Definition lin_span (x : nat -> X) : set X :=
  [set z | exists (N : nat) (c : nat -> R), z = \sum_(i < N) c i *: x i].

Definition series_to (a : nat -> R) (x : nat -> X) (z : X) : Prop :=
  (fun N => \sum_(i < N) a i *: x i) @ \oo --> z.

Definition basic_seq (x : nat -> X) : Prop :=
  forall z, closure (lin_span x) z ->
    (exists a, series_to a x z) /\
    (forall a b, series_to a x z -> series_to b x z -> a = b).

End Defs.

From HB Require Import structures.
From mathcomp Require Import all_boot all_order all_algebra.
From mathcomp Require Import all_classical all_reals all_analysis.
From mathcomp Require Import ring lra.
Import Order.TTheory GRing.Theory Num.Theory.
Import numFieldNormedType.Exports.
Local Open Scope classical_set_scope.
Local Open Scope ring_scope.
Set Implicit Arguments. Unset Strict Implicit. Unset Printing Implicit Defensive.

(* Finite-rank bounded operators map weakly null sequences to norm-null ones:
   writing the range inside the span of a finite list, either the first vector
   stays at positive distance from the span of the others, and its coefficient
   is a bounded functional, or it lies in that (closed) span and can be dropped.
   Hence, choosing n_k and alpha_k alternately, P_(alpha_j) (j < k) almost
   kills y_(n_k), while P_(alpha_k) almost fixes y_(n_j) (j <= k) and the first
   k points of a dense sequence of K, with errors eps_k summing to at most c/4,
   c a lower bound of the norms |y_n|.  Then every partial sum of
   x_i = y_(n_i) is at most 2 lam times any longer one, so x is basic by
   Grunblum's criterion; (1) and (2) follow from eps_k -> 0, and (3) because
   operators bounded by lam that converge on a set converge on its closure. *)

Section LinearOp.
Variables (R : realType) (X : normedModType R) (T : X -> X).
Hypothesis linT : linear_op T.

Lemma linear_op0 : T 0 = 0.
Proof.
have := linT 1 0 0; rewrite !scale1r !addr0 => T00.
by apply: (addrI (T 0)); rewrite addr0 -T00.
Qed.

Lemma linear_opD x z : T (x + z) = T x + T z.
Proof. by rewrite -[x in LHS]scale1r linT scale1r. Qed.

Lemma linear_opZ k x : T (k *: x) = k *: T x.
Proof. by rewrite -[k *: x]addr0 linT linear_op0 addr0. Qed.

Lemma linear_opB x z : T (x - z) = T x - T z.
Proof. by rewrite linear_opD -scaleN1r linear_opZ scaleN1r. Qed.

What to do:
Each line of the listing above that contains the word "rewrite" counts once; please give the total and nothing more.

Response to this exercise:
5